No. See https://github.com/inspera/blackbricks/issues/27 for why.
However, Databricks now allows you to [format your notebooks with black directly](https://docs.databricks.com/notebooks/notebooks-use.html#format-code-cells).
### I get an error: `TypeError: init() got an unexpected keyword argument 'no_args_is_help'`
This means you had an old version of `click` installed from before, and your installation didn't upgrade it
automatically. Updating your installation should do the trick, e.g. `pip install -U blackbricks` or similar depending on
your installation method of choice.
### Shell commands like `!ls` throws an error
See https://github.com/inspera/blackbricks/issues/21.
## Breaking changes
### Version policy
Style choices made by `blackbricks` will follow semantic versioning, with changes that cause differences resulting in
new major versions. Such changes will be kept to an absolute minimum, with none currently planned.
Style choices made by `black` (responsible for 95% of the formatting in a notebook) will not follow the same strict
semantic versioning. This is because `black` itself does not use semver, but instead provide a [year-based
policy](https://black.readthedocs.io/en/stable/the_black_code_style/index.html#stability-policy). `blackbricks` will
make a _minor_ version increase when it upgrades black to a new year.

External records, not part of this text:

(* The prices (data) are consistent if and only if, for every maturity $t$, the following hold: (i) $\dfrac{\overline r_{t,l}-\underline r_{t,j}}{k_{t,l}-k_{t,j}}\ge\dfrac{\underline r_{t,j}-\overline r_{t,i}}{k_{t,j}-k_{t,i}}$ for all $1\le i<j<l\le N_t$; (ii) $\dfrac{\overline r_{t,l}-\underline r_{t,i}}{k_{t,l}-k_{t,i}}\ge-1$ for all $1\le i<l\le N_t$; (iii) $\underline r_{t,j}\le\overline r_{t,i}$ for all $1\le i<j\le N_t$; (iv) for all $1\le i<j\le N_t$: $\underline r_{t,j}=\overline r_{t,i}$ implies $\underline r_{t,j}=\overline r_{t,i}=0$.
   Context: Setting (data): $\mathcal T=\{0,\dots,T\}$, $T\ge1$; positive deterministic bank account $B(t)$, $B(0)=1$, $D(t)=1/B(t)$; for each maturity $t\in\{1,\dots,T\}$ strikes $0<K_{t,1}<\dots<K_{t,N_t}$, discounted strikes $k_{t,i}=D(t)K_{t,i}$, call bid/ask prices $\underline r_{t,i},\overline r_{t,i}>0$; underlying bid/ask $0<\underline S_0\le\overline S_0$. A \emph{model} is a finite probability space with filtration and adapted processes $\underline S,\overline S,S^C$ with $0<\underline S_t\le S^C_t\le\overline S_t$ (time-0 values given). The prices are \emph{consistent} if there is a model such that $\mathbb E[(D(t)S^C_t-k_{t,i})^+]\in[\underline r_{t,i},\overline r_{t,i}]$ for all $t,i$, and there is a process $S^*$ with $\underline S_t\le S^*_t\le\overline S_t$ for all $t$ such that $(D(t)S^*_t)_{t\in\mathcal T}$ is a martingale. No bound on the spread is imposed. *)

From HB Require Import structures.
From mathcomp Require Import all_boot all_order all_algebra.
Set Implicit Arguments.
Unset Strict Implicit.
Unset Printing Implicit Defensive.
Import Order.TTheory GRing.Theory Num.Theory.
Local Open Scope ring_scope.

Section FiniteModels.
Variables (R : realFieldType) (Omega : finType).

(* a sigma-algebra on the finite set Omega (finite unions suffice) *)
Definition sigma_algebra (F : {set {set Omega}}) : Prop :=
  [/\ [set: Omega] \in F,
      (forall A, A \in F -> ~: A \in F) &
      (forall A B, A \in F -> B \in F -> A :|: B \in F)].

Such a bump should be made once the new year's
release of `black` is available. Feel free to open an issue if this has not been done yet.
### Breaking changes with version 2.0
Notebooks will be terminated with a `\n` starting with version `2.0.0`. This harmonizes EOF handling and should be much
less annoying in practice than prior versions. This causes a diff on _any_ notebook that was previously formatted with
`blackbricks<2.0.0`.
Also, the deprecated and non-functional flag for two space indentation is removed, and providing said flag is now an error.
### Breaking changes with version 1.0
Earlier versions of blackbricks applied a patched version of black in order to allow two-space indentation. This was
done because Databricks used two-space indentation, and did not allow you to change that.
Since then, Databricks has added the option to choose. Because you can now choose, blackbricks re-joins black in being
uncompromising, and since version 1.0 you can no longer choose anything but 4 space indentation.
If you _must_ keep using two-space indentation, then stick to versions `<1.0`.